# How to prevent archery injuries?



## jim p (Oct 29, 2003)

I am always seeing post about injuries and soreness and resting to let things heal. It would be better to avoid all these problems and just slowly progress.

I have become a fan of doing some gentle warm ups before attempting anything that requires strength and full range of motion.

What are some of your methods to try to reduce injury?


----------



## aread (Dec 25, 2009)

Warm up my shoulders with the stuff I learned in high school phys ed 50 years ago.

Lower draw weight so that it's easy to shoot lots of arrows without fatigue, but once I'm warmed up, I shoot my hunting bow for a couple of ends to maintain strength. Shoot light recurves occasionally. It's surprising how much more muscle you need for a recurve over a compound. While the bulk of my shooting is with a light bow, I think it's important to maintain strength. Lots of repetitions with a light bow and it seems my muscles build endurance, but lose strength. I like to be able to shoot a bow that's about 20 lbs heavier than my target bow. I don't have any reference or data, but I think that muscle strength helps prevent injury. 

Allen


----------



## dmacey (Mar 27, 2015)

far and away being overbowed is going to be the main culprit in most of these injuries. Starting out with a 60+ lb chest-crusher seems to be the norm, probably because most bow shops only stock 60/70lb models of most bows. 

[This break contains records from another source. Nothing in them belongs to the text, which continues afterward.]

(* Let $N,d\in\mathbb N$, let $D$ be a set and $C\subseteq D$, and let $b_0,\ldots,b_N:D\to\mathbb R$ satisfy $b_k(\mathbf x)\ge0$ and $\sum_{k=0}^N b_k(\mathbf x)=1$ for all $\mathbf x\in C$. Let $\omega_0,\ldots,\omega_N>0$ and $\mathbf W_0,\ldots,\mathbf W_N\in\mathbb R^d$, and set $\mathbf S_N(\mathbf x):=\frac{\sum_{k=0}^N\omega_k\mathbf W_kb_k(\mathbf x)}{\sum_{k=0}^N\omega_kb_k(\mathbf x)}$ for $\mathbf x\in C$. Fix $\mathbf t,\mathbf u\in C$ with $b_k(\mathbf t)>0$ and $b_k(\mathbf u)>0$ for $1\le k\le N$. Define $h_0:=1$, $\mathbf Q_0:=\mathbf W_0$ and, for $k=1,\ldots,N$, $$h_k:=\left(1+\frac{\omega_{k-1}b_{k-1}(\mathbf t)}{h_{k-1}\,\omega_k b_k(\mathbf t)}\right)^{-1},\qquad \mathbf Q_k:=(1-h_k)\mathbf Q_{k-1}+h_k\mathbf W_k .$$ Assume $h_k\neq0$ for $1\le k\le N$, and suppose $$\frac{b_k(\mathbf t)}{b_{k+1}(\mathbf t)}\le\frac{b_k(\mathbf u)}{b_{k+1}(\mathbf u)}\qquad(0\le k\le N-1).$$ Then $\mathbf S_N(\mathbf u)\in\operatorname{conv}\{\mathbf Q_0,\mathbf Q_1,\ldots,\mathbf Q_N\}$.
   Context: $\operatorname{conv}$ denotes the convex hull; $\mathbb E^d$ of the paper is identified with $\mathbb R^d$. *)

From mathcomp Require Import all_boot all_order all_algebra.
Set Implicit Arguments. Unset Strict Implicit. Unset Printing Implicit Defensive.
Import Order.TTheory GRing.Theory Num.Theory.
Local Open Scope ring_scope.

Definition in_conv_hull (R : realFieldType) (d : nat) (P : nat -> 'rV[R]_d)
  (N : nat) (x : 'rV[R]_d) : Prop :=
  exists lam : nat -> R,
    (forall k, (k <= N)%N -> 0 <= lam k) /\
    \sum_(k < N.+1) lam k = 1 /\
    x = \sum_(k < N.+1) lam k *: P k.

Definition SN (R : realFieldType) (d : nat) (D : Type) (N : nat)
  (b : nat -> D -> R) (omega : nat -> R) (W : nat -> 'rV[R]_d) (x : D)
  : 'rV[R]_d :=
  (\sum_(k < N.+1) omega k * b k x)^-1 *: \sum_(k < N.+1) (omega k * b k x) *: W k.

(* h_0 = 1, h_k = (1 + omega_{k-1} b_{k-1}(t) / (h_{k-1} omega_k b_k(t)))^-1 ;
   bt k stands for b_k(t). *)
Fixpoint hseq (R : realFieldType) (bt : nat -> R) (omega : nat -> R) (k : nat) : R :=
  match k with
  | 0 => 1
  | k'.+1 => (1 + (omega k' * bt k') / (hseq bt omega k' * (omega k * bt k)))^-1
  end.

Fixpoint Qseq (R : realFieldType) (d : nat) (bt : nat -> R) (omega : nat -> R)
  (W : nat -> 'rV[R]_d) (k : nat) : 'rV[R]_d :=
  match k with
  | 0 => W 0
  | k'.+1 => (1 - hseq bt omega k) *: Qseq bt omega W k' + hseq bt omega k *: W k
  end.

From mathcomp Require Import all_boot all_order all_algebra.

(* Write a_k = omega_k b_k(t), c_k = omega_k b_k(u) and A_k = a_0 + ... + a_k.
   The recursion for h_k unwinds to h_k = a_k / A_k, so that
   A_k Q_k = a_0 W_0 + ... + a_k W_k: the Q_k are the a-weighted prefix means
   of the W_k.  The ratio hypothesis says that the densities mu_k = c_k / a_k
   do not increase, and Abel summation
     sum_k c_k W_k = sum_k (mu_k - mu_(k+1)) A_k Q_k      (mu_(N+1) = 0)
   writes S_N(u) as a combination of the Q_k with nonnegative weights; the
   same identity with W = 1 shows that the weights sum to 1. *)

Set Implicit Arguments. Unset Strict Implicit. Unset Printing Implicit Defensive.
Import Order.TTheory GRing.Theory Num.Theory.
Local Open Scope ring_scope.

Lemma prefix_sum_ge0 (R : numDomainType) (N : nat) (a : nat -> R) :
  0 <= a 0 -> (forall k, (1 <= k <= N)%N -> 0 < a k) ->
  forall k, (k <= N)%N -> 0 <= \sum_(j < k.+1) a j.
Proof.
move=> a0_ge0 a_gt0 k kN; apply: sumr_ge0 => -[[|j] /= jk] _ //.
by rewrite ltW ?a_gt0 //= (leq_trans _ kN) // -ltnS.
Qed.

Section AbelSummation.
Variables (R : fieldType) (N : nat) (a c : nat -> R).

Local Notation A k := (\sum_(j < k.+1) a j).

Definition density k := if (1 <= k <= N)%N then c k / a k else 0.

(* [density] vanishes outside [1, N]; since a_0 may be 0, the weight of
   Q_0 = W_0 is c_0 - a_0 mu_1 instead of A_0 (mu_0 - mu_1). *)
Definition abel_weight k :=
  if k is 0 then c 0 - a 0 * density 1 else A k * (density k - density k.+1).

Hypothesis a_neq0 : forall k, (1 <= k <= N)%N -> a k != 0.

Lemma density_mul k : (1 <= k <= N)%N -> density k * a k = c k.
Proof. by move=> kN; rewrite /density kN divfK ?a_neq0. Qed.

Lemma density_out : density N.+1 = 0.
Proof. by rewrite /density ltnn andbF. Qed.

Lemma abel_partial_sum (V : lmodType R) (W Q : nat -> V) :
  Q 0 = W 0 ->
  (forall k, (k <= N)%N -> A k *: Q k = \sum_(j < k.+1) a j *: W j) ->
  forall n, (n <= N)%N ->
  \sum_(k < n.+1) abel_weight k *: Q k =
    \sum_(k < n.+1) c k *: W k - density n.+1 *: \sum_(j < n.+1) a j *: W j.
Proof.
move=> Q0 AQ; elim=> [|n IH] nN.
  by rewrite !big_ord1 /= Q0 scalerA -scalerBl [a 0 * _]mulrC.
rewrite big_ord_recr /= (IH (ltnW nN)).
rewrite [_ * (density _ - _)]mulrC -scalerA AQ //.
rewrite [in RHS]big_ord_recr (big_ord_recr n.+1) /= scalerBl scalerDr scalerA.
by rewrite density_mul // !addrA subrK.
Qed.

Lemma abel_sum (V : lmodType R) (W Q : nat -> V) :
  Q 0 = W 0 ->
  (forall k, (k <= N)%N -> A k *: Q k = \sum_(j < k.+1) a j *: W j) ->
  \sum_(k < N.+1) abel_weight k *: Q k = \sum_(k < N.+1) c k *: W k.
Proof.
by move=> Q0 AQ; rewrite (abel_partial_sum Q0 AQ) // density_out scale0r subr0.
Qed.

Lemma abel_weight_sum : \sum_(k < N.+1) abel_weight k = \sum_(k < N.+1) c k.
Proof.
have := @abel_sum R^o (fun=> 1) (fun=> 1) erefl (fun k _ => scaler_suml _ _ _ _).
by rewrite -!scaler_suml /GRing.scale /= !mulr1.
Qed.

End AbelSummation.

Section AbelWeightsNonneg.
Variables (R : realFieldType) (N : nat) (a c : nat -> R).

Local Notation density := (density N a c).

Hypothesis a0_ge0 : 0 <= a 0.
Hypothesis a_gt0 : forall k, (1 <= k <= N)%N -> 0 < a k.
Hypothesis c_ge0 : forall k, (k <= N)%N -> 0 <= c k.
Hypothesis c_over_a_nonincr : forall k, (k < N)%N -> a k * c k.+1 <= c k * a k.+1.

Lemma density_ge0 k : 0 <= density k.
Proof.
rewrite /density; case: ifP => // /[dup] /andP[_ kN] /a_gt0 ak_gt0.
by rewrite divr_ge0 ?c_ge0 ?ltW.
Qed.

Lemma density_leS k : (1 <= k)%N -> density k.+1 <= density k.
Proof.
move=> k_ge1; rewrite {1}/density; case: ifP => [/andP[_ kN] | _]; last first.
  exact: density_ge0.
have kN' : (1 <= k <= N)%N by rewrite k_ge1 ltnW.
rewrite /density kN' ler_pdivrMr ?a_gt0 // mulrAC ler_pdivlMr ?a_gt0 //.
by rewrite mulrC c_over_a_nonincr.
Qed.

Lemma abel_weight_ge0 k : (k <= N)%N -> 0 <= abel_weight N a c k.
Proof.
case: k => [_ | k kN] /=.
  rewrite subr_ge0 {1}/density; case: ifP => [N_ge1 | _]; last first.
    by rewrite mulr0 c_ge0.
  by rewrite mulrA ler_pdivrMr ?a_gt0 // c_over_a_nonincr.
by rewrite mulr_ge0 ?subr_ge0 ?density_leS // (prefix_sum_ge0 a0_ge0 a_gt0).
Qed.

End AbelWeightsNonneg.

Lemma in_conv_hull_prefix_means (R : realFieldType) (d N : nat) (a c : nat -> R)
    (W Q : nat -> 'rV[R]_d) :
  0 <= a 0 -> (forall k, (1 <= k <= N)%N -> 0 < a k) ->
  (forall k, (k <= N)%N -> 0 <= c k) -> 0 < \sum_(k < N.+1) c k ->
  (forall k, (k < N)%N -> a k * c k.+1 <= c k * a k.+1) ->
  Q 0 = W 0 ->
  (forall k, (k <= N)%N ->
     (\sum_(j < k.+1) a j) *: Q k = \sum_(j < k.+1) a j *: W j) ->
  in_conv_hull Q N ((\sum_(k < N.+1) c k)^-1 *: \sum_(k < N.+1) c k *: W k).
Proof.
move=> a0_ge0 a_gt0 c_ge0 c_sum_gt0 c_over_a Q0 AQ.
have a_neq0 k : (1 <= k <= N)%N -> a k != 0 by move/a_gt0/lt0r_neq0.
exists (fun k => (\sum_(k < N.+1) c k)^-1 * abel_weight N a c k); split.
  move=> k kN; apply: mulr_ge0; first by rewrite invr_ge0 ltW.
  exact: abel_weight_ge0 a0_ge0 a_gt0 c_ge0 c_over_a _ kN.
rewrite -mulr_sumr abel_weight_sum // mulVf ?lt0r_neq0 //; split=> //.
rewrite -(abel_sum c a_neq0 Q0 AQ) scaler_sumr.
by apply: eq_bigr => k _; rewrite scalerA.
Qed.

Section PrefixMeans.
Variables (R : realFieldType) (d N : nat) (bt omega : nat -> R) (W : nat -> 'rV[R]_d).

Local Notation a k := (omega k * bt k).
Local Notation hseq := (hseq bt omega).
Local Notation Qseq := (Qseq bt omega W).

Hypothesis a0_ge0 : 0 <= a 0.
Hypothesis a_gt0 : forall k, (1 <= k <= N)%N -> 0 < a k.

Lemma prefix_sum_gt0 k : (k < N)%N -> 0 < \sum_(j < k.+2) a j.
Proof.
move=> kN; rewrite big_ord_recr /= ltr_wpDl ?a_gt0 //.
exact: prefix_sum_ge0 a0_ge0 a_gt0 _ (ltnW kN).
Qed.

Lemma weight_div_hseq k : (k <= N)%N -> a k / hseq k = \sum_(j < k.+1) a j.
Proof.
elim: k => [|k IH] kN; first by rewrite big_ord1 /= divr1.
have ak_neq0 : a k.+1 != 0 by rewrite gt_eqF ?a_gt0.
rewrite /= invrK invfM mulrA (IH (ltnW kN)) [in RHS]big_ord_recr /=.
by rewrite mulrDr mulr1 mulrCA divff // mulr1 addrC.
Qed.

Lemma hseq_prefix k : (k < N)%N -> hseq k.+1 = a k.+1 / \sum_(j < k.+2) a j.
Proof.
by move=> kN; rewrite -weight_div_hseq // divKf // gt_eqF ?a_gt0.
Qed.

Lemma Qseq_prefix k : (k <= N)%N ->
  (\sum_(j < k.+1) a j) *: Qseq k = \sum_(j < k.+1) a j *: W j.
Proof.
elim: k => [|k IH] kN; first by rewrite !big_ord1.
have A_neq0 := lt0r_neq0 (prefix_sum_gt0 kN).
rewrite /= -/(hseq k.+1) hseq_prefix // scalerDr !scalerA mulrBr mulr1 mulrCA divff //.
rewrite mulr1 [in LHS]big_ord_recr /= addrK (IH (ltnW kN)) //.
by rewrite [in RHS]big_ord_recr.
Qed.

End PrefixMeans.

Lemma weighted_sum_gt0 (R : realFieldType) (N : nat) (w x : nat -> R) :
  (forall k, (k <= N)%N -> 0 < w k) -> (forall k, (k <= N)%N -> 0 <= x k) ->
  \sum_(k < N.+1) x k = 1 -> 0 < \sum_(k < N.+1) w k * x k.
Proof.
move=> w_gt0 x_ge0 x_sum1.
have wk_gt0 (k : 'I_N.+1) : 0 < w k by rewrite w_gt0 // -ltnS.
have xk_ge0 (k : 'I_N.+1) : 0 <= x k by rewrite x_ge0 // -ltnS.
have wx_ge0 (k : 'I_N.+1) : 0 <= w k * x k := mulr_ge0 (ltW (wk_gt0 k)) (xk_ge0 k).
rewrite lt0r sumr_ge0 // andbT psumr_neq0 //.
have : \sum_(k < N.+1) x k != 0 by rewrite x_sum1 oner_neq0.
rewrite psumr_neq0 //; apply: sub_has => k /=.
by rewrite pmulr_rgt0.
Qed.

Theorem theorem2 (R : realFieldType) (N d : nat) (D : Type) (C : D -> Prop)
  (b : nat -> D -> R)
  (hb_nonneg : forall x, C x -> forall k, (k <= N)%N -> 0 <= b k x)
  (hb_sum : forall x, C x -> \sum_(k < N.+1) b k x = 1)
  (omega : nat -> R) (homega : forall k, (k <= N)%N -> 0 < omega k)
  (W : nat -> 'rV[R]_d)
  (t u : D) (Ct : C t) (Cu : C u)
  (hbt : forall k, (1 <= k <= N)%N -> 0 < b k t)
  (hbu : forall k, (1 <= k <= N)%N -> 0 < b k u)
  (hh : forall k, (1 <= k <= N)%N -> hseq (fun k => b k t) omega k != 0)
  (hratio : forall k, (k < N)%N -> b k t / b k.+1 t <= b k u / b k.+1 u) :
  in_conv_hull (Qseq (fun k => b k t) omega W) N (SN N b omega W u).
Proof.
(* [hh] is redundant: h_k = a_k / A_k > 0 by [hseq_prefix]. *)
have a0_ge0 : 0 <= omega 0 * b 0 t := mulr_ge0 (ltW (homega 0 isT)) (hb_nonneg _ Ct 0 isT).
have a_gt0 k : (1 <= k <= N)%N -> 0 < omega k * b k t.
  by move=> /[dup] /andP[_ kN] /hbt; apply: mulr_gt0; apply: homega.
have AQ := Qseq_prefix (bt := fun k => b k t) W a0_ge0 a_gt0.
apply: (in_conv_hull_prefix_means (c := fun k => omega k * b k u) (W := W)
          a0_ge0 a_gt0 _ _ _ erefl AQ).
- by move=> k kN; rewrite mulr_ge0 ?hb_nonneg // ltW ?homega.
- exact: weighted_sum_gt0 homega (hb_nonneg _ Cu) (hb_sum _ Cu).
- move=> k kN; have := hratio k kN.
  rewrite ler_pdivrMr ?hbt // mulrAC ler_pdivlMr ?hbu // => cross.
  have omega_gt0 : 0 < omega k * omega k.+1 by rewrite mulr_gt0 ?homega // ltnW.
  by rewrite mulrACA [X in _ <= X]mulrACA ler_wpM2l ?(ltW omega_gt0).
Qed.
(* For all integers $v\ge w\ge 2$ and $t\ge 2$ with $w\le\lfloor t^2/4\rfloor+t$, we have $v-w+1\le I_t(w,v)\le v$.
   Context: A $(w,v)$ set system is a pair $(\mathcal{X},\mathcal{B})$ with $|\mathcal{X}|=v$ and $\mathcal{B}$ a family of $w$-element subsets (blocks) of $\mathcal{X}$. For a $w$-subset $T\subseteq\mathcal{X}$ let $P_t(T)=\{\mathcal{P}\subseteq\mathcal{B}: |\mathcal{P}|\le t,\ T\subseteq\bigcup_{B\in\mathcal{P}}B\}$. The set system is a $t$-IPPS$(w,v)$ if for every $w$-subset $T\subseteq\mathcal{X}$, either $P_t(T)=\emptyset$ or $\bigcap_{\mathcal{P}\in P_t(T)}\mathcal{P}\neq\emptyset$. $I_t(w,v)$ denotes the maximum of $|\mathcal{B}|$ over all $t$-IPPS$(w,v)$. *)

From mathcomp Require Import all_boot.
Set Implicit Arguments. Unset Strict Implicit. Unset Printing Implicit Defensive.

Definition Pt (v t : nat) (B : {set {set 'I_v}}) (T : {set 'I_v})
  : {set {set {set 'I_v}}} :=
  [set P : {set {set 'I_v}} |
     [&& P \subset B, #|P| <= t & T \subset \bigcup_(Bl in P) Bl]].

Definition is_IPPS (t w v : nat) (B : {set {set 'I_v}}) : bool :=
  [forall Bl in B, #|Bl| == w] &&
  [forall T : {set 'I_v}, (#|T| == w) ==>
     ((Pt t B T == set0) || (\bigcap_(P in Pt t B T) P != set0))].

Definition I_t (t w v : nat) : nat :=
  \max_(B : {set {set 'I_v}} | is_IPPS t w B) #|B|.

From mathcomp Require Import all_boot zify.
Set Implicit Arguments. Unset Strict Implicit. Unset Printing Implicit Defensive.

(* Lower bound: for |K| = w - 1 the sunflower {x |: K : x \notin K} is a
   t-IPPS, because a w-set T has a point x outside K and the only block through
   x lies in every cover of T.

   Upper bound: every nonempty t-IPPS with w <= t + k r, where k + r = t,
   has a block B with a private point; deleting B shrinks the union
   of the blocks, so |F| <= |cover F| <= v, and k = t/2 gives the hypothesis
   w <= t^2/4 + t.  Suppose instead that every point of every block lies in a
   second block.  No block C is covered by t other blocks, since the w-set C
   would then have two disjoint covers.  Hence greedily t blocks G, B \notin G,
   meet B in at least t points.  Pick k of them, Cs.  Each C in Cs has at least
   r points outside B and the other members of Cs: otherwise B, Cs :\ C and a
   second block through each such point cover C with at most t blocks.  Taking
   r such points in each C and t points of B :&: cover G gives t + k r >= w
   points; a w-subset T of them is covered by B |: Cs, by G (which avoids B)
   and, for every C in Cs, by a family of at most t blocks avoiding C.  So no
   block is common to all covers of T. *)

Lemma exists_subset_card (T : finType) (A : {set T}) n :
  n <= #|A| -> exists2 B : {set T}, B \subset A & #|B| = n.
Proof.
case/card_geqP => s [uniq_s size_s sA].
exists [set x in s]; last by rewrite cardsE (card_uniqP uniq_s).
by apply/subsetP => x; rewrite inE => /sA.
Qed.

Lemma card_bigcup_disjoint (I T : finType) (J : {pred I}) (f : I -> {set T}) :
  {in J &, forall i j, i != j -> [disjoint f i & f j]} ->
  #|\bigcup_(i in J) f i| = \sum_(i in J) #|f i|.
Proof.
move=> disj_f; pose g i := if i \in J then f i else set0.
have -> : \bigcup_(i in J) f i = \bigcup_i g i by rewrite big_mkcond.
rewrite -sum1_card partition_disjoint_bigcup => [|i j neq_ij]; last first.
  rewrite /g -setI_eq0; case: ifP => Ji; case: ifP => Jj; rewrite ?set0I ?setI0 //.
  by rewrite setI_eq0 disj_f.
rewrite [RHS]big_mkcond; apply: eq_bigr => i _; rewrite /g.
by case: ifP => _; rewrite sum1_card ?cards0.
Qed.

But I've found I can injure myself even on a light bow without using good form and doing strengthening exercises. I think that's been a factor in my right shoulder, where the rotator cuffs were just too darn weak from non-use to shoot any bow regularly. So now I do a full round of rotator cuff exercises and do a warmup before shooting. 

But the injuries with a too-heavy bow are really severe, so that's where I start. I custom ordered my compounds in the lightest weights available (30-40lbs) and took the financial hit of doing so, and they've been good investments in that regard.

DM


----------



## LMacD (Mar 16, 2015)

This is timely. I always warm up my shoulders thoroughly; however, I hadn't been doing anything for my arms. About 10 days ago, I was staring a practice session and on the third or fourth draw, I felt something unpleasant in my right elbow. I'm not making the mistake of shooting before it's healed, so I'm going crazy not being able to shoot. I see others commenting on some very long down times and I sure as heck don't want any of that, so from now on, I'm doing a very thorough series of stretches before shooting.


----------



## jim p (Oct 29, 2003)

I agree with all you guys about how to stretch and use light pound bows. About 5 years ago I had frozen shoulders and could not shoot for 3 years. I am happy to be shooting again.

I think that you can hurt yourself by over stretching without warming up. It seems to me that gently stretching and moving the shoulders and other joints to almost their full range of motion just loosens up everything and helps to prevent injury.

Pulling a bow with cold and stiff muscles is always a gamble. I don't know how to avoid this when hunting but maybe the movement of walking and climbing will loosen things up enough.


----------



## dmacey (Mar 27, 2015)

Well based on what I see with the local bowhunters, virtually all of them that are cringing and grimacing and cracking their shoulders etc. on the line, are guys built kind of like myself with 70lb super aggressive hunting bows. I don't think I've met a single one so far that is shooting any less than 65lbs and all of them are little old guys like me. And they're all in some kind of severe pain when they're out at the range sighting in or tuning their bows. 

I think just going down to a sane draw weight alone would help a lot. Those bows are powerful enough to pass through 2 elk, much less just one. I think if I were a good enough shot, my PSE maxed out at 40lbs would be plenty to hunt whitetail at least.... In fact, one of our locals harvested the largest buck ever retrieved on the property she hunted on in Sept., with a 40lb Hoyt hunting bow. And the arrow was a complete pass-through....

DM


----------



## Padgett (Feb 5, 2010)

All of my issues have been after a layoff where I was injured and couldn't shoot, then when I was ok to shoot I went in and did a two or three hour session and then for the next 6 months I had to deal with soreness.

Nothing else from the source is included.